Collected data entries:
___
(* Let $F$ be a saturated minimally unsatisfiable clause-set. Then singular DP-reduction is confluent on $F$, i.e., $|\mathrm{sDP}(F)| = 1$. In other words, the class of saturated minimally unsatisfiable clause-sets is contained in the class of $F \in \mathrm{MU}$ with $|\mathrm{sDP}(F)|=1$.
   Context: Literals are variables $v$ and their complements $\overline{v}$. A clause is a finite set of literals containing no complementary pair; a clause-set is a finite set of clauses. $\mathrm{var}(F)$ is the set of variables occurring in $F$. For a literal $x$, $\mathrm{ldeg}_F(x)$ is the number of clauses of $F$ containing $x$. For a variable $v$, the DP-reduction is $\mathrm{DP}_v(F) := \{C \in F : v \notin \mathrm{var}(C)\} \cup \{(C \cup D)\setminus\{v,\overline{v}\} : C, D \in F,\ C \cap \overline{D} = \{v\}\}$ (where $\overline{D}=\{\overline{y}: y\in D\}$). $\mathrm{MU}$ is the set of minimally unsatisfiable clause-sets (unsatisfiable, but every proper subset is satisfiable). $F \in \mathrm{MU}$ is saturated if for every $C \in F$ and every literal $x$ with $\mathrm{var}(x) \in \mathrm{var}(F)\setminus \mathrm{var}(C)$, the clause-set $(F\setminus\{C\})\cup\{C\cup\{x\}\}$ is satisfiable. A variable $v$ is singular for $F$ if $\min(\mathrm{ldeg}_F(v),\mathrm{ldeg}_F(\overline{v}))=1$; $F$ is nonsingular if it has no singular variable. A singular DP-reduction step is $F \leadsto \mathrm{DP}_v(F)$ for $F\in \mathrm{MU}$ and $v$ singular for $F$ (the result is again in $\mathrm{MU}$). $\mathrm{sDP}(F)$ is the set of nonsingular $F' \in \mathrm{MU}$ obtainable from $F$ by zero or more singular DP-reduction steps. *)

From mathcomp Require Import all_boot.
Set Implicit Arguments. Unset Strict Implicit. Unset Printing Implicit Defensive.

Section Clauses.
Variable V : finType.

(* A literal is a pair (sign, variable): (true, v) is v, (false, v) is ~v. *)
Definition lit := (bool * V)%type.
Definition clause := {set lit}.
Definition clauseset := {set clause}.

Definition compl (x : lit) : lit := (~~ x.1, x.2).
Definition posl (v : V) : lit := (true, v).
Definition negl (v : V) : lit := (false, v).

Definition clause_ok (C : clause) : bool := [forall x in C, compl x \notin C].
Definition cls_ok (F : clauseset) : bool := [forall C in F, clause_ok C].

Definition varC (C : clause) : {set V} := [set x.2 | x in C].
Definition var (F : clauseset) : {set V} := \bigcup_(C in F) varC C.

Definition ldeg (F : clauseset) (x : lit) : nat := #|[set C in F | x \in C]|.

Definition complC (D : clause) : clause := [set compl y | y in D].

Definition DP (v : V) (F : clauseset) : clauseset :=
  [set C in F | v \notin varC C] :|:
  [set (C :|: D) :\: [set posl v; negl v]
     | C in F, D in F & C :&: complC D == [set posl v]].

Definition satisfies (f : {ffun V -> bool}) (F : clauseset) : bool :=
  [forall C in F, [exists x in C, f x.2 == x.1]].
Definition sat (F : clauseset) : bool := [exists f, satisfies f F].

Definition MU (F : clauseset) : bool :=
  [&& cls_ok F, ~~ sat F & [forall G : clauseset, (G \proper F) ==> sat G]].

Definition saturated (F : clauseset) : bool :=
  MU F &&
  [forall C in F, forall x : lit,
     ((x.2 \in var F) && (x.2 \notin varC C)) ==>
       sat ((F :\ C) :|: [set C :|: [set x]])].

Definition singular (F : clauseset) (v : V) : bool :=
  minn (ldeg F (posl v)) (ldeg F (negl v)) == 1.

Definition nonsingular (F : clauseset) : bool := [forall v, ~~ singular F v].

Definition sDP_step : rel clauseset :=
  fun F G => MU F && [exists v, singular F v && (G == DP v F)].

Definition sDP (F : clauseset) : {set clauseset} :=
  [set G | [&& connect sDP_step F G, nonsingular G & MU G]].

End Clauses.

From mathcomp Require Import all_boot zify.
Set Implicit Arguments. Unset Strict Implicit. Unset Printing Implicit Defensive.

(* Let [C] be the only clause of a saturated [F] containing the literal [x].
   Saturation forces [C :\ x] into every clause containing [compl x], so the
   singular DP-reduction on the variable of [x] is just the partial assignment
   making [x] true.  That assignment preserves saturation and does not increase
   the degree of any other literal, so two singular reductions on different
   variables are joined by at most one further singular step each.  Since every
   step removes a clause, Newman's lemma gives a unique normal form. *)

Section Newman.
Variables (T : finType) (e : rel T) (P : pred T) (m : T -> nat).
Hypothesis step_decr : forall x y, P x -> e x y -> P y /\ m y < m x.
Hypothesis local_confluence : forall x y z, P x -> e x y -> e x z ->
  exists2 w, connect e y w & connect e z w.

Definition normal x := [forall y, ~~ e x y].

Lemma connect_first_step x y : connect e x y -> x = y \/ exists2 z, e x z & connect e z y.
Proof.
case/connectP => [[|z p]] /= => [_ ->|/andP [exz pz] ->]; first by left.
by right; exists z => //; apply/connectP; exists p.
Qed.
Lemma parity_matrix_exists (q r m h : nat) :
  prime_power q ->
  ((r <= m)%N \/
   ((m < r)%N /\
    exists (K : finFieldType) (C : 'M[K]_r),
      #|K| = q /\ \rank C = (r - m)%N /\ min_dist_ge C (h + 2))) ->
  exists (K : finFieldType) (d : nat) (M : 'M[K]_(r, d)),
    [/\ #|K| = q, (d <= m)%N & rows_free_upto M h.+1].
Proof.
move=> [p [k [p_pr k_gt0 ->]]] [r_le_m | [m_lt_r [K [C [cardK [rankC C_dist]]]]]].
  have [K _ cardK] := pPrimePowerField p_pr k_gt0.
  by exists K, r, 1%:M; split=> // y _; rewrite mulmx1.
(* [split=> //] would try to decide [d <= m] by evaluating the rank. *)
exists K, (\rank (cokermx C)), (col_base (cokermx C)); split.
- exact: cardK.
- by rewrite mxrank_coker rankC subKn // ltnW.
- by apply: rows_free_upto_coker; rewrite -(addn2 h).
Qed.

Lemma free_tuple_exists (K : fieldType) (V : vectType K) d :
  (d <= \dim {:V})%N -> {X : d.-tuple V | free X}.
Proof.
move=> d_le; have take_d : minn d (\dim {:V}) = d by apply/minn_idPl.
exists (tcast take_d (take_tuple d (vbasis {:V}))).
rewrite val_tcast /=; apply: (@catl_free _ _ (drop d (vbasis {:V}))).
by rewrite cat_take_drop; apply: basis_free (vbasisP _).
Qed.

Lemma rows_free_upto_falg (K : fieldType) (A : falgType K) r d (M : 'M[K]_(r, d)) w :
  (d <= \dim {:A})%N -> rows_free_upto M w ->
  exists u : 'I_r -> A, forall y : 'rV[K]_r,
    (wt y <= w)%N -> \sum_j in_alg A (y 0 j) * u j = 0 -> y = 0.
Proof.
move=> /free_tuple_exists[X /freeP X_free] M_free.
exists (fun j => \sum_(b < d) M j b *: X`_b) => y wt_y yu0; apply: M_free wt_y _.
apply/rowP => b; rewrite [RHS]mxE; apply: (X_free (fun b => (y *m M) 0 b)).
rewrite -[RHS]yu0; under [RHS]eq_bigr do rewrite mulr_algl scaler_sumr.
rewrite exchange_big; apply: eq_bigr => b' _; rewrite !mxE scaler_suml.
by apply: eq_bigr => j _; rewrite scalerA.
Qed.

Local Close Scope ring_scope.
___
* Work request:
Look above for the line with "Definition saturated (F" and the line with "Hypothesis step_decr : forall". Write out those two lines and all the lines between them, exactly, and no others.

* Result of the task:
Definition saturated (F : clauseset) : bool :=
  MU F &&
  [forall C in F, forall x : lit,
     ((x.2 \in var F) && (x.2 \notin varC C)) ==>
       sat ((F :\ C) :|: [set C :|: [set x]])].

Definition singular (F : clauseset) (v : V) : bool :=
  minn (ldeg F (posl v)) (ldeg F (negl v)) == 1.

Definition nonsingular (F : clauseset) : bool := [forall v, ~~ singular F v].

Definition sDP_step : rel clauseset :=
  fun F G => MU F && [exists v, singular F v && (G == DP v F)].

Definition sDP (F : clauseset) : {set clauseset} :=
  [set G | [&& connect sDP_step F G, nonsingular G & MU G]].

End Clauses.

From mathcomp Require Import all_boot zify.
Set Implicit Arguments. Unset Strict Implicit. Unset Printing Implicit Defensive.

(* Let [C] be the only clause of a saturated [F] containing the literal [x].
   Saturation forces [C :\ x] into every clause containing [compl x], so the
   singular DP-reduction on the variable of [x] is just the partial assignment
   making [x] true.  That assignment preserves saturation and does not increase
   the degree of any other literal, so two singular reductions on different
   variables are joined by at most one further singular step each.  Since every
   step removes a clause, Newman's lemma gives a unique normal form. *)

Section Newman.
Variables (T : finType) (e : rel T) (P : pred T) (m : T -> nat).
Hypothesis step_decr : forall x y, P x -> e x y -> P y /\ m y < m x.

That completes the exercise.